**What this task involves:** In the records that follow, the lines from the one containing "have h : cok_eq N (phi X + phi (- X)) 0." to the one containing "by rewrite scalerA mulrA [\det", inclusive, are to be given again exactly.

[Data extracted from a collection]
┄┄┄┄┄┄┄┄┄┄┄┄┄┄┄┄┄┄┄┄
Lemma cok_eqD X1 X2 Y1 Y2 :
  cok_eq M X1 Y1 -> cok_eq M X2 Y2 -> cok_eq M (X1 + X2) (Y1 + Y2).
Proof.
by case=> Z1 E1 [Z2 E2]; exists (Z1 + Z2); rewrite mulmxDr -E1 -E2 opprD addrACA.
Qed.

Lemma cok_eqN X Y : cok_eq M X Y -> cok_eq M (- X) (- Y).
Proof. by case=> Z XYE; exists (- Z); rewrite mulmxN -XYE opprD. Qed.

Lemma cok_eq_sum I (s : seq I) (F G : I -> 'cV[R]_n) :
  (forall i, cok_eq M (F i) (G i)) ->
  cok_eq M (\sum_(i <- s) F i) (\sum_(i <- s) G i).
Proof.
move=> FG; elim: s => [|i s IH]; first by rewrite !big_nil; apply: cok_eq_refl.
by rewrite !big_cons; apply: cok_eqD.
Qed.

Lemma cok_eq_addl X Z : cok_eq M (X + M *m Z) X.
Proof. by exists Z; rewrite addrC addKr. Qed.

Lemma cok_eq_add_det X Y : cok_eq M (X + \det M *: Y) X.
Proof. by rewrite -mul_scalar_mx -mul_mx_adj -mulmxA; apply: cok_eq_addl. Qed.

End Cokernel.

Section CokernelAdditive.
Variables (p : nat) (R : idomainType).
Hypothesis HR : is_padic_integers p R.
Variables (n : nat) (M N : 'M[R]_n).
Hypotheses (nsM : nonsingular M) (nsN : nonsingular N).
Variable phi : 'cV[R]_n -> 'cV[R]_n.
Hypothesis phi_cok_eq : forall X Y, cok_eq M X Y -> cok_eq N (phi X) (phi Y).
Hypothesis phiD : forall X Y, cok_eq N (phi (X + Y)) (phi X + phi Y).

Lemma cok_phi0 : cok_eq N (phi 0) 0.
Proof.
have := cok_eqD (phiD 0 0) (cok_eq_refl N (- phi 0)).
by rewrite addr0 subrr addrK => /cok_eq_sym.
Qed.

Lemma cok_phiN X : cok_eq N (phi (- X)) (- phi X).
Proof.
have h : cok_eq N (phi X + phi (- X)) 0.
  by apply: cok_eq_trans (cok_eq_sym (phiD _ _)) _; rewrite subrr; apply: cok_phi0.
by have := cok_eqD (cok_eq_refl N (- phi X)) h; rewrite addKr addr0.
Qed.

Lemma cok_phiMn m X : cok_eq N (phi (m%:R *: X)) (m%:R *: phi X).
Proof.
elim: m => [|m IH]; first by rewrite !scale0r; apply: cok_phi0.
rewrite mulrS !scalerDl !scale1r.
exact: cok_eq_trans (phiD _ _) (cok_eqD (cok_eq_refl _ _) IH).
Qed.

Lemma cok_phiMz (a : int) X : cok_eq N (phi (a%:~R *: X)) (a%:~R *: phi X).
Proof.
case: a => m; first exact: cok_phiMn.
rewrite NegzE mulrNz !scaleNr.
exact: cok_eq_trans (cok_phiN _) (cok_eqN (cok_phiMn _ _)).
Qed.

Lemma cok_phiZ x X : cok_eq N (phi (x *: X)) (x *: phi X).
Proof.
(* x is an integer modulo det M * det N, which kills both cokernels. *)
have [a [y xE]] := intr_approx HR x (mulf_neq0 nsM nsN).
have xEM : x *: X = a%:~R *: X + \det M *: ((\det N * y) *: X).
  by rewrite scalerA mulrA -scalerDl -xE.
have xEN : x *: phi X = a%:~R *: phi X + \det N *: ((\det M * y) *: phi X).
  by rewrite scalerA mulrA [\det N * _]mulrC -scalerDl -xE.
rewrite xEN; apply: cok_eq_trans (cok_eq_sym (cok_eq_add_det _ _ _)).
rewrite xEM; apply: cok_eq_trans (cok_phiMz a X).
exact/phi_cok_eq/cok_eq_add_det.
Qed.

Lemma cok_phi_sum I (s : seq I) (F : I -> 'cV[R]_n) :
  cok_eq N (phi (\sum_(i <- s) F i)) (\sum_(i <- s) phi (F i)).
Proof.
elim: s => [|i s IH]; first by rewrite !big_nil; apply: cok_phi0.
by rewrite !big_cons; apply: cok_eq_trans (phiD _ _) (cok_eqD (cok_eq_refl _ _) IH).
Qed.

Lemma cok_phi_linear : exists A : 'M[R]_n, forall X, cok_eq N (phi X) (A *m X).
Proof.
exists (\sum_j phi (delta_mx j 0) *m delta_mx 0 j) => X.
have XE : X = \sum_j X j 0 *: delta_mx j 0.
  by rewrite {1}[X]matrix_sum_delta; apply: eq_bigr => j _; rewrite big_ord1.
rewrite mulmx_suml {1}XE; apply: cok_eq_trans (cok_phi_sum _ _) _.
apply: cok_eq_sum => j.
by rewrite -mulmxA -rowE [row j X]mx11_scalar mxE mul_mx_scalar; apply: cok_phiZ.
Qed.

End CokernelAdditive.



Section Pairing.
Variables (R : idomainType) (n : nat).
Local Notation tf := (@FracField.tofrac R).
Local Notation mf A := (map_mx tf A).
Implicit Types (M U : 'M[R]_n) (X Y Z : 'cV[R]_n).

Lemma invKE M : invK M = invmx (mf M). Proof. by []. Qed.

Lemma cok_pairE M X Y : cok_pair M X Y = ((mf X)^T *m invK M *m mf Y) 0 0.
Proof. by []. Qed.

Lemma inZ_tofrac (r : R) : inZ (tf r). Proof. by exists r. Qed.

Lemma inZD (x y : {fraction R}) : inZ x -> inZ y -> inZ (x + y).
Proof. by case=> a -> [b ->]; exists (a + b); rewrite rmorphD. Qed.

Lemma inZN (x : {fraction R}) : inZ x -> inZ (- x).
Proof. by case=> a ->; exists (- a); rewrite rmorphN. Qed.

Lemma map_tofrac_mx_inj m k (A B : 'M[R]_(m, k)) : mf A = mf B -> A = B.
Proof.
move=> /matrixP AB; apply/matrixP => i j; apply/eqP; rewrite -tofrac_eq.
by have := AB i j; rewrite !mxE => ->.
Qed.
┄┄┄┄┄┄┄┄┄┄┄┄┄┄┄┄┄┄┄┄
**Expected output:**
have h : cok_eq N (phi X + phi (- X)) 0.
  by apply: cok_eq_trans (cok_eq_sym (phiD _ _)) _; rewrite subrr; apply: cok_phi0.
by have := cok_eqD (cok_eq_refl N (- phi X)) h; rewrite addKr addr0.
Qed.

Lemma cok_phiMn m X : cok_eq N (phi (m%:R *: X)) (m%:R *: phi X).
Proof.
elim: m => [|m IH]; first by rewrite !scale0r; apply: cok_phi0.
rewrite mulrS !scalerDl !scale1r.
exact: cok_eq_trans (phiD _ _) (cok_eqD (cok_eq_refl _ _) IH).
Qed.

Lemma cok_phiMz (a : int) X : cok_eq N (phi (a%:~R *: X)) (a%:~R *: phi X).
Proof.
case: a => m; first exact: cok_phiMn.
rewrite NegzE mulrNz !scaleNr.
exact: cok_eq_trans (cok_phiN _) (cok_eqN (cok_phiMn _ _)).
Qed.

Lemma cok_phiZ x X : cok_eq N (phi (x *: X)) (x *: phi X).
Proof.
(* x is an integer modulo det M * det N, which kills both cokernels. *)
have [a [y xE]] := intr_approx HR x (mulf_neq0 nsM nsN).
have xEM : x *: X = a%:~R *: X + \det M *: ((\det N * y) *: X).
  by rewrite scalerA mulrA -scalerDl -xE.
have xEN : x *: phi X = a%:~R *: phi X + \det N *: ((\det M * y) *: phi X).
  by rewrite scalerA mulrA [\det N * _]mulrC -scalerDl -xE.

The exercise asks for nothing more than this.